Additionally, the tail material we have for them does not seem to indicate such anatomy. In Cristatusaurus the caudal neural spines are very elongated, which, along with its relatively short legs were noted as possible adaptations for swimming by Arden and colleagues (Arden et al. 2019). However, the spines are also very broad and blade-shaped, almost coming in contact with one another; and their articulating processes appear to be of typical prominence for tetanuran theropods (Sereno et al., 1998). These factors would make the tail more rigid than those of Ichthyovenator and Spinosaurus, which both had more slender caudal neural spines and shrunken articulating vertebral processes. Caudal material for Baryonyx is poor, but isolated neural spines probably belonging to the rear sacrum or front of the tail show a similarly broad, blade-shaped morphology (Charig and Milner, 1997).

Overall, it has been reasonably inferred that baryonychines were more terrestrial and had generalist diets and lifestyles, similar to herons or kodiak bears (Arden et al. 2019). This could either represent baryonychines niche partitioning from the more aquatic spinosaurines, or it could mean baryonychines were simply earlier spinosaurs that more closely resembled typical theropods, before the clade transitioned fully to semiaquatic body plans. This might be the case if Baryonychinae is a paraphyletic group as suggested by Marcos Sales and Caesar Schultz in 2017.

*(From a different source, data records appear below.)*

Lemma pbgen_telescope m :
  lin 4 (-2) * pbgen m - bintr (pbgen m) =m pbtele m - pbtele m.+1.
Proof.
pose K : {poly rat} := lin 1 (-1) * linprod 1 m * lin 1 (- m.+1%:R) * lin 1 (- m.+2%:R).
apply: (@eqm_mul1Cl _ _ K).
  by rewrite -horner_coef0 !hornerM !horner0_lin horner0_linprod !mul1r.
have -> : K * (lin 4 (-2) * pbgen m - bintr (pbgen m)) =
   (lin 1 (-1) * lin 1 (- m.+2%:R) * lin 4 (-2)) * (linprod 1 m * (lin 1 (- m.+1%:R) * pbgen m))
   - (lin 1 (-1) * lin 1 m%:R * lin 1 (- m.+1%:R)) *
     (linprod 0 m * (lin 1 (- m.+2%:R) * bintr (pbgen m))).
  by rewrite /K -linprod0S linprodS; ring.
have -> : K * (pbtele m - pbtele m.+1) =
   (lin 3 (- m.+3%:R) * lin 1 m%:R * lin 1 (- m.+2%:R)) * (lin 1 (-1) * geom) *
     (linprod 1 m * (lin 1 (- m.+1%:R) * pbgen m))
   - (lin 3 (- m.+4%:R) * lin 1 (- m.+1%:R)) * (lin 1 (-1) * geom) *
     (linprod 1 m.+1 * (lin 1 (- m.+2%:R) * pbgen m.+1)).
  by rewrite /K /pbtele linprodS; ring.
apply: eqm_trans (eqmB (eqmMl _ (pbgen_linprod m)) (eqmMl _ (bintr_pbgen m))) _.
apply: eqm_sym; apply: eqm_trans (eqmB (eqmM (eqmMl _ geomK) (pbgen_linprod m))
                                      (eqmM (eqmMl _ geomK) (pbgen_linprod m.+1))) _.
apply/eqm_eq; rewrite /lin factS natrM !rmorphN !rmorphM !rmorph_nat !rmorph1 /= exprS.
ring.
Qed.

Lemma sum_pbgen : \sum_(m < N) (lin 4 (-2) * pbgen m - bintr (pbgen m)) =m 3%:P * geom.
Proof.
apply: eqm_trans (eqm_sum (fun m : 'I_N => pbgen_telescope m)) _.
rewrite -(big_mkord xpredT (fun m => pbtele m - pbtele m.+1)).
under eq_bigr do rewrite -opprB.
rewrite sumrN telescope_sumr // opprB.
have pbteleN : pbtele N =m 0.
  apply: eqm_trans (eqmMl _ (_ : pbgen N =m 0)) _; last by rewrite mulr0; apply: eqm_refl.
  by move=> i lt_iN; rewrite /pbgen coef_poly lt_iN coef0 pbpart_small.
have pbtele0 : pbtele 0 =m 3%:P * geom.
  have -> : pbtele 0 = 3%:P * geom * (linprod 1 0 * (lin 1 (- 1%:R) * pbgen 0)).
    by rewrite /pbtele /linprod big_ord0 /lin !rmorphN !rmorph_nat /= rmorph0; ring.
  apply: eqm_trans (eqmMl _ (pbgen_linprod 0)) _.
  by rewrite expr0 !mulr1; apply: eqm_refl.
apply: eqm_trans (eqmB pbtele0 pbteleN) _.
by rewrite subr0; apply: eqm_refl.
Qed.

End GeneratingSeries.

Lemma pbpart_recurrence n :
  \sum_(m < n.+2) (4 * pbpart m n.+1 - 2 * pbpart m n
                   - \sum_(k < n.+2) 'C(n.+1, k)%:R * pbpart m k) = 3.
Proof.
move: (sum_pbgen (ltnSn n.+1)).
rewrite coef_sum coefCM /geom coef_poly ltnSn mulr1 => <-; apply: eq_bigr => m _.
rewrite coefB coef_linM /pbgen /bintr !coef_poly ltnSn leqnSn mulNr; congr (_ - _).
by apply: eq_bigr => k _; rewrite coef_poly ltn_ord.
Qed.

Theorem proposition3p1 :
  pbsum 0 = 1 /\
  forall n : nat,
    3 * pbsum n.+1 = 2 * pbsum n + \sum_(k < n.+1) ('C(n.+1, k))%:R * pbsum k + 3.
Proof.
split; first by rewrite (pbsum_pbpart (M := 1)) // big_ord1 pbpart0 ecoef0.
move=> n; have := pbpart_recurrence n.
have swap : \sum_(m < n.+2) \sum_(k < n.+2) 'C(n.+1, k)%:R * pbpart m k =
    \sum_(k < n.+1) 'C(n.+1, k)%:R * \sum_(m < n.+2) pbpart m k
    + \sum_(m < n.+2) pbpart m n.+1.
  rewrite exchange_big big_ord_recr /= binn mulr1n.
  congr (_ + _); first by apply: eq_bigr => k _; rewrite mulr_sumr.
  by apply: eq_bigr => m _; rewrite mul1r.
rewrite !sumrB -!mulr_sumr swap.
rewrite (pbsum_pbpart (ltnSn n.+1)) (pbsum_pbpart (leqnSn n.+1)).
under [X in _ = _ + X + _]eq_bigr => k _
  do rewrite (pbsum_pbpart (leq_trans (ltn_ord k) (leqnSn _))).
lra.
Qed.
Lemma greedy_spanner F t : 0 < t -> pair_edges F -> exists S,
  [/\ S \subset F, ~ has_short_cycle S t &
       forall u v, [set u; v] \in F -> short_walk S t u v].
Proof.
move=> t_gt0 F2.
suff greedy (es : seq {set T}) : {subset es <= F} -> exists S,
    [/\ S \subset F, ~ has_short_cycle S t &
         forall u v, [set u; v] \in es -> short_walk S t u v].
  have /greedy[S [SF acyclic bridge]] : {subset enum F <= F}.
    by move=> e; rewrite mem_enum.
  by exists S; split => // u v; rewrite -mem_enum; apply: bridge.
elim: es => [_|e es IH esF].
  by exists set0; split => [||u v //]; [exact: sub0set | case=> a [b []]; rewrite inE].
have [S [SF acyclic bridge]] := IH (fun f f_es => esF f (mem_behead (s := e :: es) f_es)).
have eF : e \in F := esF e (mem_head e es).
have /eqP/cards2P[u [v [uv e_uv]]] := F2 e eF.
have [walk_uv|no_walk] := classic (short_walk S t u v).
  exists S; split => // u' v'; rewrite inE => /orP[/eqP uv'_e|]; last exact: bridge.
  by apply: short_walk_set2 walk_uv; rewrite -e_uv uv'_e.
exists (e |: S); split.
- by rewrite subUset sub1set eF SF.
- by rewrite e_uv; apply: no_short_cycle_setU1.
- move=> u' v'; rewrite inE => /orP[/eqP uv'_e|/bridge].
    by apply: short_walk_le t_gt0 _; apply: short_walk_edge; rewrite /adj uv'_e setU11.
  exact: short_walk_subset (subsetUr _ _).
Qed.

End StaticGraph.

Section TemporalSpanner.
Variables (T : finType) (lam : {set T} -> nat).
Implicit Types (E H S : {set {set T}}) (p q w : seq T).

Definition label_class E l := [set e in E | lam e == l].

Lemma label_class_sub E l : label_class E l \subset E.
Proof. by apply/subsetP => e; rewrite inE => /andP[]. Qed.

Lemma label_classS E H l : E \subset H -> label_class E l \subset label_class H l.
Proof. by move=> /subsetP EH; apply/subsetP => e; rewrite !inE => /andP[/EH -> ->]. Qed.

Lemma tpath_from_mono E x l l' p :
  l <= l' -> tpath_from E lam x l' p -> tpath_from E lam x l p.
Proof.
by case: p => //= y p ll' /andP[/andP[-> l'y] ->]; rewrite (leq_trans ll' l'y).
Qed.

Lemma tpath_from_suffix E x l p1 p2 : tpath_from E lam x l (p1 ++ p2) ->
  exists2 l', l <= l' & tpath_from E lam (last x p1) l' p2.
Proof.
elim: p1 x l => [|y p1 IH] x l /=; first by exists l.
by case/andP => /andP[_ ll] /IH[l' yl' tp]; exists l' => //; apply: leq_trans ll yl'.
Qed.

Lemma tpath_from_cut_loop E x l r : uniq r -> tpath_from E lam x l r -> exists q,
  [/\ uniq (x :: q), tpath_from E lam x l q, last x q = last x r & size q <= size r].
Proof.
move=> r_uniq tr; have [x_in|x_notin] := boolP (x \in r).
  case/splitPr: x_in r_uniq tr => r1 r2 r_uniq tr.
  rewrite -cat_rcons in tr; have [l' ll' tr2] := tpath_from_suffix tr.
  exists r2; split.
  - by move: r_uniq; rewrite cat_uniq => /and3P[].
  - by rewrite last_rcons in tr2; apply: tpath_from_mono ll' tr2.
  - by rewrite last_cat.
  - by rewrite size_cat /=; lia.
by exists r; rewrite /= x_notin r_uniq.
Qed.

Lemma tpath_from_shorten E x l p : tpath_from E lam x l p -> exists q,
  [/\ uniq (x :: q), tpath_from E lam x l q, last x q = last x p & size q <= size p].
Proof.
elim: p x l => [|y p IH] x l /=; first by exists [::].
case/andP => /andP[xyE ll] /IH[q [yq_uniq tq <- qp]].
have tyq : tpath_from E lam x l (y :: q) by rewrite /= xyE ll.
have [q' [uq' tq' q'_last q'q]] := tpath_from_cut_loop yq_uniq tyq.
by exists q'; split => //; apply: leq_trans q'q _.
Qed.

Lemma tpath_from_cat_label_walk E l l' x w p :
  path (adj (label_class E l')) x w -> l <= l' ->
  tpath_from E lam (last x w) l' p -> tpath_from E lam x l (w ++ p).
Proof.
elim: w x l => [|y w IH] x l /=; first by move=> _; apply: tpath_from_mono.
rewrite /adj inE => /andP[/andP[xyE /eqP lab] yw] ll' tp.
by rewrite xyE lab ll' (IH _ _ yw).
Qed.

Lemma tpath_from_stretch E H t x l p :
  (forall u v, [set u; v] \in E -> short_walk (label_class H (lam [set u; v])) t u v) ->
  tpath_from E lam x l p -> exists q,
    [/\ tpath_from H lam x l q, last x q = last x p & size q <= t * size p].
Proof.
move=> bridge; elim: p x l => [|y p IH] x l /=; first by exists [::]; rewrite muln0.
case/andP => /andP[xyE ll] /IH[q [tq <- qp]].
have [w [xw xw_last wt]] := bridge x y xyE.
exists (w ++ q); split.
- by apply: tpath_from_cat_label_walk xw ll _; rewrite xw_last.
- by rewrite last_cat xw_last.
- by rewrite size_cat mulnS leq_add.
Qed.

Lemma temporal_spanner_of_label_walks E H t : H \subset E ->
  (forall u v, [set u; v] \in E -> short_walk (label_class H (lam [set u; v])) t u v) ->
  temporal_spanner E lam H t.
Proof.
move=> HE bridge; split => // u v p /and3P[_ /eqP <- tp].
have [q [tq <- qp]] := tpath_from_stretch bridge tp.
have [q' [uq' tq' <- q'q]] := tpath_from_shorten tq.
exists q'; split; last exact: leq_trans q'q qp.
by rewrite /is_tpath uq' tq' eqxx.
Qed.

Lemma sparse_label_spanner E l : 1 < #|T| -> pair_edges E -> exists S,
  [/\ S \subset label_class E l, #|S| <= 16 * #|T| &
      forall u v, [set u; v] \in label_class E l -> short_walk S (trunc_log 2 #|T|) u v].
Proof.
move=> T2 E2.
have El2 : pair_edges (label_class E l) by move=> e /(subsetP (label_class_sub E l)) /E2.
have t_gt0 : 0 < trunc_log 2 #|T| by rewrite trunc_log_gt0.
have [S [SEl acyclic bridge]] := greedy_spanner t_gt0 El2.
exists S; split => //; apply: card_le_no_short_cycle acyclic.
by move=> e /(subsetP SEl) /El2.
Qed.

*Cristatusaurus lapparenti hails from the same formation as and is almost identical anatomically to Suchomimus tenerensis (Hendrickx et al., 2016), though the former is based on more fragmentary material and so a formalized synonymy has not yet been made pending further examination of the material. In this post, I'll consider Suchomimus tenetensis a junior synonym, given that this is almost certainly the case.

Tails of Camarillasaurus cirugedae, Phuwiang spinosaurid B, and Vallibonavenatrix cani

We have eight caudal vertebrae from Camarillasaurus and ten from Phuwiang spinosaurid B, both of which date to the Barremian (same time as Baryonyx) and most do not preserve complete neural spines (Samathi, 2019). Due to this early date we can assume they are more basal taxa, for this reason and the lack of data I restored these in the diagram as conventional theropod tails. Though their true complete shape is unknown.

The Vallibonavenatrix holotype preserves four caudal vertebrae (one figured) and is placed within the Spinosaurinae. Its skeleton has many similarities with that of Ichthyovenator, more so than it does with its fellow European spinosaurs, especially in regards to the pelvis and an isolated, fan-shaped neural spine (Malafaia et al., 2020). Thus, I've speculatively restored it above with a similar, though less pronounced tail fin than Ichthyovenator.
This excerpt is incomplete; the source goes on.